Kids are happy, you're happy, don't get much better than that!


----------



## HaMm3r (Dec 11, 2006)

You don't need to imagine anything, you're living those memories, right along with your kids!  Way to go on the multiple firsts! [smiley=1-thumbsup1.gif]


----------



## Alonzo_Sotillo (Oct 9, 2009)

Great report and well done by your son making the right cast for his SECOND bonefish! And to you as well for the first permit. Well done! 

Alonzo


----------



## out-cast (Jan 27, 2009)

That's awesome. I love fishin' with kids. Congrats to him on the bones and you with the permit.


----------



## bmann420 (Nov 4, 2007)

Thanks guys!


----------



## Tsport (Jan 4, 2007)

Truly an enjoyable report!Thanks for sharing and nicely done!


----------



## tguasjr (Mar 9, 2009)

What part of the bay did you go to?


----------



## deerfly (Mar 10, 2007)

thats awesome, you'll never forget those days.

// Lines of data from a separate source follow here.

(* Let $(R,B)$ be an EIC problem with problem graph $G=(V,E)$ and sender neighborhoods $N_1,\dots,N_n$, and let $\mathscr C=\{V(C): C \text{ is a maximal clique in } G|_{N_i}\text{ for some } i\}$. For every neighborhood partition $(\tilde N_1,\dots,\tilde N_n)$ there exists a cover $\mathcal C$ of $V$ by elements of $\mathscr C$ such that $$\sum_{C_j\in\mathcal C}\chi\big(\overline{G|_{C_j}}\big)=\sum_{i=1}^n\chi\big(\overline{G|_{\tilde N_i}}\big).$$
   Context: An EIC problem is a pair $(R,B)$ of matrices in $\mathbb{F}_2^{n\times m}$ with disjoint supports (node $u$ needs block $a$ iff $R_{ua}=1$, has it iff $B_{ua}=1$). $P=\{(u,a):R_{ua}=1\}$. The problem graph $G=(V,E)$ has vertices $V=\{v_{(u,a)}:(u,a)\in P\}$ and a directed edge from $v_{(u,a)}$ to $v_{(w,b)}$ iff $B_{ub}=1$ or $a=b$; $G|_S$ is the subgraph induced on $S$. Sender neighborhood of node $k$: $N_k=\{v_{(w,b)}\in V:B_{kb}=1\}$. A neighborhood partition is a tuple $(\tilde N_1,\dots,\tilde N_n)$ with $\tilde N_i\subseteq N_i$, pairwise disjoint, union $V$. For a directed graph $H$ (loops disregarded): $\overline H$ has edge $(x,y)$, $x\ne y$, iff $(x,y)\notin E(H)$; a clique is a vertex set in which every ordered pair of distinct vertices is an edge (maximal if not properly contained in another clique); an independent set contains no edge in either direction; $\chi(H)$ is the minimum number of independent sets partitioning the vertex set ($0$ if empty). A cover of $V$ by elements of $\mathscr C$ is a collection of members of $\mathscr C$ whose union is $V$. *)

From mathcomp Require Import all_boot all_algebra.
Set Implicit Arguments. Unset Strict Implicit. Unset Printing Implicit Defensive.
Import GRing.Theory.
Local Open Scope ring_scope.

(* Vertices of a problem graph are pairs (u,a) : 'I_n * 'I_m. *)
Definition pair_t (n m : nat) := ('I_n * 'I_m)%type.

Section EIC.
Variables (n m : nat) (R B : 'M['F_2]_(n, m)).

Definition probV : {set pair_t n m} := [set p | R p.1 p.2 == 1].

Definition Gedge : rel (pair_t n m) :=
  fun p q => [&& p \in probV, q \in probV & (B p.1 q.2 == 1) || (p.2 == q.2)].

Definition sendN (k : 'I_n) : {set pair_t n m} :=
  [set q in probV | B k q.2 == 1].
End EIC.

Section Graphs.
Variable T : finType.

(* a directed graph is given by a vertex set S and a relation e (loops disregarded) *)

Definition clique (e : rel T) (C : {set T}) : bool :=
  [forall x in C, forall y in C, (x != y) ==> e x y].

Definition indep (e : rel T) (A : {set T}) : bool :=
  [forall x in A, forall y in A, (x != y) ==> ~~ e x y].

Definition compl_rel (e : rel T) : rel T := fun x y => (x != y) && ~~ e x y.

(* The singleton partition
   (of size #|S|) is always admissible, so #|S| is a valid initial bound. *)
Definition chi (S : {set T}) (e : rel T) : nat :=
  \big[minn/#|S|]_(P : {set {set T}} | partition P S && [forall A in P, indep e A])
     #|P|.
End Graphs.

Definition scrC (n m : nat) (R B : 'M['F_2]_(n, m)) : {set {set pair_t n m}} :=
  [set C | [exists i : 'I_n,
     maxset (fun D : {set pair_t n m} => (D \subset sendN R B i) && clique (Gedge R B) D) C]].

From mathcomp Require Import all_boot all_algebra order.
Import Order.TTheory GRing.Theory.

(* An optimal colouring of the complement of [G|_{Ñ_i}] is a partition of [Ñ_i]
   into [χ(\overline{G|_{Ñ_i}})] cliques of [G].  Extend each of these cliques
   to a maximal clique of [G|_{N_i}].  The complement of a nonempty clique has
   chromatic number 1, so the extended cliques, collected over all [i], cover
   [V] and contribute exactly [Σ_i χ(\overline{G|_{Ñ_i}})] to the sum. *)

Section ChromaticNumber.
Set Implicit Arguments. Unset Strict Implicit.
Variables (T : finType) (f : rel T).

Definition indep_partition (S : {set T}) (P : {set {set T}}) :=
  partition P S && [forall A in P, indep f A].

Lemma card_partition_le (P : {set {set T}}) (S : {set T}) :
  partition P S -> #|P| <= #|S|.
Proof.
move=> partP; rewrite (card_partition partP) -sum1_card; apply: leq_sum => A AP.
by rewrite card_gt0 (partition_neq0 partP).
Qed.

Lemma indep_partition_preim_id (S : {set T}) :
  indep_partition S (preim_partition id S).
Proof.
rewrite /indep_partition preim_partitionP; apply/forall_inP => _ /imsetP[x _ ->].
apply/forall_inP => y; rewrite inE => /andP[_ /eqP <-].
by apply/forall_inP => z; rewrite inE => /andP[_ /eqP <-]; rewrite eqxx.
Qed.

Lemma chi_le S P : indep_partition S P -> chi S f <= #|P|.
Proof. exact: (@bigmin_le_cond _ nat _ _ _ (indep_partition S)). Qed.

Lemma chi_attained S : exists2 P, indep_partition S P & chi S f = #|P|.
Proof.
have le_card P : indep_partition S P -> #|P| <= #|S|.
  by case/andP=> /card_partition_le.
have [P ? chiP] := @eq_bigmin _ nat _ #|S| _ (indep_partition S) (fun P => #|P|)
  (indep_partition_preim_id S) le_card.
by exists P.
Qed.

End ChromaticNumber.

Section CliqueCover.
Set Implicit Arguments. Unset Strict Implicit.
Variables (T : finType) (e : rel T).

Lemma indep_compl_rel A : indep (compl_rel e) A = clique e A.
Proof.
apply/forall_inP/forall_inP => h x xA; apply/forall_inP => y yA; apply/implyP => xy;
  have /forall_inP/(_ y yA)/implyP/(_ xy) := h x xA;
  by rewrite /compl_rel xy /= ?negbK // => ->.
Qed.

Lemma chi_compl_clique S : S != set0 -> clique e S -> chi S (compl_rel e) = 1.
Proof.
move=> S_neq0 cliqueS; apply/eqP; rewrite eqn_leq; apply/andP; split.
  rewrite -(cards1 S); apply: chi_le.
  rewrite /indep_partition /partition cover1 trivIset1 inE eq_sym S_neq0 eqxx /=.
  by apply/forall_inP => A /set1P ->; rewrite indep_compl_rel.
have [P /andP[partP _] ->] := chi_attained (compl_rel e) S.
rewrite card_gt0; apply: contraNneq S_neq0 => P0.
by rewrite -(cover_partition partP) P0 /cover big_set0.
Qed.

Lemma optimal_clique_partition S :
  exists2 P, partition P S && [forall K in P, clique e K] &
             chi S (compl_rel e) = #|P|.
Proof.
have [P /andP[partP indepP] chiP] := chi_attained (compl_rel e) S.
exists P => //; rewrite partP; apply/forall_inP => K KP.
by rewrite -indep_compl_rel (forall_inP indepP).
Qed.

Variable N : {set T}.
Let clique_in_N (D : {set T}) := (D \subset N) && clique e D.

Lemma maximal_clique_cover (S : {set T}) : S \subset N ->
  exists cs : seq {set T},
    [/\ forall C, C \in cs -> maxset clique_in_N C,
        S \subset \bigcup_(C <- cs) C,
        \bigcup_(C <- cs) C \subset N &
        \sum_(C <- cs) chi C (compl_rel e) = chi S (compl_rel e)].
Proof.
move=> SN; have [P /andP[partP cliqueP] ->] := optimal_clique_partition S.
have extend K : exists C, K \in P -> maxset clique_in_N C && (K \subset C).
  have [KP|] := boolP (K \in P); last by exists K.
  have KN : clique_in_N K.
    rewrite /clique_in_N (forall_inP cliqueP) // andbT.
    exact: subset_trans (partitionS partP KP) SN.
  by have [C maxC KC] := maxset_exists KN; exists C; rewrite maxC KC.
have [ext extP] := fin_all_exists extend.
have {}extP K : K \in P -> maxset clique_in_N (ext K) /\ K \subset ext K.
  by move=> /extP /andP.
exists [seq ext K | K <- enum P]; rewrite !big_map !big_enum /=; split.
- by move=> C /mapP[K]; rewrite mem_enum => /extP[maxK _] ->.
- rewrite -(cover_partition partP); apply/bigcupsP => K KP.
  by apply: subset_trans (bigcup_sup K KP); case: (extP K KP).
- by apply/bigcupsP => K /extP[/maxsetp/andP[]].
- rewrite -sum1_card; apply: eq_bigr => K KP; have [/maxsetp/andP[_ cl] KC] := extP K KP.
  apply: chi_compl_clique cl; apply: contraTneq KC => ->.
  by rewrite subset0 (partition_neq0 partP).
Qed.

End CliqueCover.

Lemma sendN_subset (n m : nat) (R B : 'M['F_2]_(n, m)) i :
  sendN R B i \subset probV R.
Proof. by apply/subsetP => x; rewrite inE => /andP[]. Qed.

Local Open Scope ring_scope.

Theorem lemma6 (n m : nat) (R B : 'M['F_2]_(n, m))
  (hdisj : forall u a, (R u a == 0) || (B u a == 0))
  (Nt : 'I_n -> {set pair_t n m})
  (hsub : forall i, Nt i \subset sendN R B i)
  (hdis : forall i j, i != j -> [disjoint Nt i & Nt j])
  (hcov : \bigcup_(i < n) Nt i = probV R) :
  exists cs : seq {set pair_t n m},
    [/\ forall C, C \in cs -> C \in scrC R B,
        \bigcup_(C <- cs) C = probV R &
        (\sum_(C <- cs) chi C (compl_rel (Gedge R B)) =
         \sum_(i < n) chi (Nt i) (compl_rel (Gedge R B)))%N].
Proof.
have [cs csP] := fin_all_exists (fun i => maximal_clique_cover (Gedge R B) (hsub i)).
exists (flatten [seq cs i | i <- index_enum 'I_n]).
rewrite !big_flatten !big_map /=; split.
- move=> C /flattenP[_ /mapP[i _ ->] Ci]; rewrite inE; apply/existsP; exists i.
  by case: (csP i) => + _ _ _; apply.
- apply/eqP; rewrite eqEsubset -{2}hcov; apply/andP; split; apply/bigcupsP => i _.
    by case: (csP i) => _ _ csN _; apply: subset_trans csN (sendN_subset R B i).
  by case: (csP i) => _ Ntcs _ _; apply: subset_trans Ntcs (bigcup_sup i isT).
- by apply: eq_bigr => i _; case: (csP i).
Qed.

Congrats on the 1st's too.


----------



## bmann420 (Nov 4, 2007)

> What part of the bay did you go to?


southern side by Elliott Key.


----------



## paint it black (Nov 3, 2007)

That's crazy!

Great fish!!


----------



## tguasjr (Mar 9, 2009)

Awesome!!!!!!!!!!


----------



## bmann420 (Nov 4, 2007)

Thanks again!!!!!


----------



## mark_gardner (Mar 18, 2009)

congrats on an awesome day [smiley=1-beer.gif]


----------